In a newspaper article of 14 September 1939, the radio critic Jonah Barrington of the Daily Express wrote of hearing a gent "moaning periodically from Zeesen" who "speaks English of the haw-haw, damit-get-out-of-my-way variety". Four days later he gave him the nickname 'Lord Haw-Haw'. The voice Barrington heard is widely believed to be that of Wolf Mittler, a German journalist whose near-flawless English sounded like a caricature of an upper-crust Englishman. However, Mittler only made five or six broadcasts and was quickly replaced by other broadcasters, leading to uncertainty over to whom Barrington had been referring. When Joyce became the most prominent broadcaster of Nazi propaganda by the end of 1939, the name stuck to him. Joyce himself began to trade on the notoriety of the nickname more than a year later, on 3 April 1941, when he announced himself as "William Joyce, otherwise known as Lord Haw-Haw".

Joyce's broadcasts initially came from studios in Berlin, later being transferred (because of heavy Allied bombing) to Luxembourg City and finally to Apen near Hamburg, and were relayed over a network of German-controlled radio stations in Zeesen, Hamburg, Bremen, Luxembourg, Hilversum, Calais and Oslo.

Joyce also broadcast on and wrote scripts for the German Büro Concordia organisation, which ran several black propaganda stations, many of which pretended to broadcast illegally from within Britain. His role in writing the scripts increased over time, and German radio capitalised on his public persona. Initially an anonymous broadcaster, Joyce eventually revealed his real name to his listeners and he would occasionally be announced as, "William Joyce, otherwise known as Lord Haw-Haw". Urban legends soon circulated about Lord Haw-Haw, alleging that the broadcaster was well-informed about political and military events to the point of near-omniscience. In the summer of 1942 it was decided that he should no longer read the news and, from then on, he read only his own talks in Views on the News.

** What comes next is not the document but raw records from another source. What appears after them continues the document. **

Lemma PSeries_midpoint_strict (x y : R) : 0 < d 2 -> 0 <= x < 1 -> 0 <= y < 1 -> x <> y ->
  PSeries d ((x + y) / 2) < (PSeries d x + PSeries d y) / 2.
Proof.
  intros Hd2 Hx Hy Hxy. set (m := (x + y) / 2). assert (Hm : 0 <= m < 1) by (unfold m; lra).
  pose proof (ex_series_nonneg_coef x Hx) as Ex. pose proof (ex_series_nonneg_coef y Hy) as Ey.
  pose proof (ex_series_nonneg_coef m Hm) as Em.
  set (gap := fun n => / 2 * (d n * x ^ n + d n * y ^ n) - d n * m ^ n).
  assert (Hgap : forall n, 0 <= gap n).
  { intro n. pose proof (pow_convex_comb x y (/ 2) n ltac:(lra) ltac:(lra) ltac:(lra)) as H.
    replace (/ 2 * x + (1 - / 2) * y) with m in H by (unfold m; field).
    pose proof (d_nonneg n). unfold gap. nra. }
  assert (Egap : ex_series gap).
  { apply (@ex_series_minus R_AbsRing R_NormedModule); [|exact Em].
    apply (@ex_series_scal_l R_AbsRing R_NormedModule).
    now apply (@ex_series_plus R_AbsRing R_NormedModule). }
  assert (Hsum : Series gap = (PSeries d x + PSeries d y) / 2 - PSeries d m).
  { unfold gap, PSeries. rewrite Series_minus, Series_scal_l, Series_plus; auto; [lra|].
    apply (@ex_series_scal_l R_AbsRing R_NormedModule).
    now apply (@ex_series_plus R_AbsRing R_NormedModule). }
  assert (Hgap2 : 0 < gap 2%nat).
  { assert (0 < (x - y) * (x - y)) by (apply Rsqr_pos_lt; lra).
    unfold gap, m. simpl. nra. }
  pose proof (Series_ge_term gap 2 Hgap Egap). lra.
Qed.

End NonnegPowerSeries.

Section Kaluza.

Variable c : nat -> R.
Hypothesis c_0 : c 0 = 1.
Hypothesis c_pos : forall n, 0 < c n.
Hypothesis c_le_1 : forall n, c n <= 1.
Hypothesis c_log_convex : forall n, c (S n) / c n <= c (S (S n)) / c (S n).

(* [kaluza_table n] lists [b 0, ..., b n] for the sequence defined by [b 0 = 0] and
   [b n = c n - sum_(k < n) b k * c (n - k)], so that [1 - sum b n x^n] is the
   reciprocal of [sum c n x^n]. *)
Fixpoint kaluza_table (n : nat) : nat -> R :=
  match n with
  | O => fun _ => 0
  | S m => fun k =>
      if Nat.leb k m then kaluza_table m k
      else c (S m) - sum_f_R0 (fun j => kaluza_table m j * c (S m - j)) m
  end.

Definition kaluza_coef (n : nat) : R := kaluza_table n n.

Lemma kaluza_table_stable (n k : nat) : (k <= n)%nat -> kaluza_table n k = kaluza_coef k.
Proof.
  induction n as [|n IH]; intros Hk.
  - now replace k with 0%nat by lia.
  - destruct (Nat.eq_dec k (S n)) as [->|Hne]; [reflexivity|].
    simpl. replace (Nat.leb k n) with true by (symmetry; apply Nat.leb_le; lia).
    apply IH; lia.
Qed.

Lemma kaluza_coef_S (n : nat) :
  kaluza_coef (S n) = c (S n) - sum_f_R0 (fun k => kaluza_coef k * c (S n - k)) n.
Proof.
  unfold kaluza_coef at 1; cbv [kaluza_table]; fold kaluza_table.
  replace (Nat.leb (S n) n) with false by (symmetry; apply Nat.leb_gt; lia).
  f_equal. apply sum_eq. intros k Hk. now rewrite kaluza_table_stable.
Qed.

Lemma PS_mult_kaluza_coef (n : nat) : PS_mult kaluza_coef c (S n) = c (S n).
Proof.
  unfold PS_mult. rewrite tech5, Nat.sub_diag, c_0, kaluza_coef_S. ring.
Qed.

Lemma log_convex_ratio_le (m n : nat) : (m <= n)%nat -> c (S m) / c m <= c (S n) / c n.
Proof.
  induction 1 as [|n _ IH]; [lra|]. pose proof (c_log_convex n). lra.
Qed.

(* Since [c (n+1) = r n * c n] with [r n = c (n+1) / c n], the defining relation
   at [n+1] minus [r n] times the one at [n] cancels [c (n+1)]. *)
Lemma kaluza_coef_S_ratio (n : nat) : (1 <= n)%nat ->
  kaluza_coef (S n) = sum_f_R0 (fun k => kaluza_coef k * c (n - k) *
                                   (c (S n) / c n - c (S (n - k)) / c (n - k))) n.
Proof.
  intros Hn. destruct n as [|n]; [lia|].
  set (r := c (S (S n)) / c (S n)).
  pose proof (PS_mult_kaluza_coef n) as Hconv. unfold PS_mult in Hconv.
  rewrite kaluza_coef_S.
  transitivity (r * sum_f_R0 (fun k => kaluza_coef k * c (S n - k)) (S n)
                - sum_f_R0 (fun k => kaluza_coef k * c (S (S n) - k)) (S n)).
  { rewrite Hconv. unfold r. field. apply Rgt_not_eq, c_pos. }
  rewrite scal_sum, <- minus_sum. apply sum_eq. intros k Hk.
  replace (S (S n) - k)%nat with (S (S n - k)) by lia.
  field. apply Rgt_not_eq, c_pos.
Qed.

Listening to Joyce's broadcasts was officially discouraged but was not illegal, and many Britons tuned in. There was a desire by civilian listeners to hear what the other side was saying, as information during wartime was strictly censored. At the height of his influence, in 1940, Joyce had an estimated six million regular and 18 million occasional listeners in the UK. The broadcasts always began with the announcer's words, "Germany calling, Germany calling, Germany calling". These broadcasts urged the British people to surrender and were well known for their jeering, sarcastic and menacing tone.

The Reich Security Main Office commissioned Joyce to give lectures at the University of Berlin for SS members in the winter of 1941–42 on the topic of "British fascism and acute questions concerning the British world empire".

Joyce recorded his final broadcast on 30 April 1945, during the Battle of Berlin. Rambling and audibly drunk, he chided the UK for pursuing the war beyond mere containment of Germany and repeatedly warned of the "menace" of the Soviet Union. He signed off with a final defiant, "Heil Hitler and farewell". There are conflicting accounts as to whether this last programme was actually transmitted, although a recording was found in the Apen studios. The next day, Radio Hamburg was seized by British forces, and on 4 May Wynford Vaughan-Thomas used it to make a mock "Germany Calling" broadcast denouncing Joyce.

Besides broadcasting, Joyce's duties included writing propaganda for distribution among British prisoners of war, whom he tried to recruit into the British Free Corps of the Waffen-SS. He wrote a book Twilight Over England promoted by the German Ministry of Propaganda, which unfavourably compared the evils of allegedly Jewish-dominated capitalist Britain with the alleged wonders of Nazi Germany. Adolf Hitler awarded Joyce the War Merit Cross (First and Second Class) for his broadcasts, although he never met Joyce.

Capture and trial

On 28 May 1945, Joyce was captured by British forces at Flensburg, near the German border with Denmark, which was the last capital of the Third Reich. Spotting a dishevelled figure while they were resting from gathering firewood, intelligence soldiers – including a Jewish German, Geoffrey Perry (born Horst Pinschewer), who had left Germany before the war – engaged him in conversation in French and English, eventually recognising his voice. After they asked whether he was Joyce, he reached into his pocket (actually reaching for a false passport); believing he was armed, Perry shot him through the buttocks, resulting in four wounds.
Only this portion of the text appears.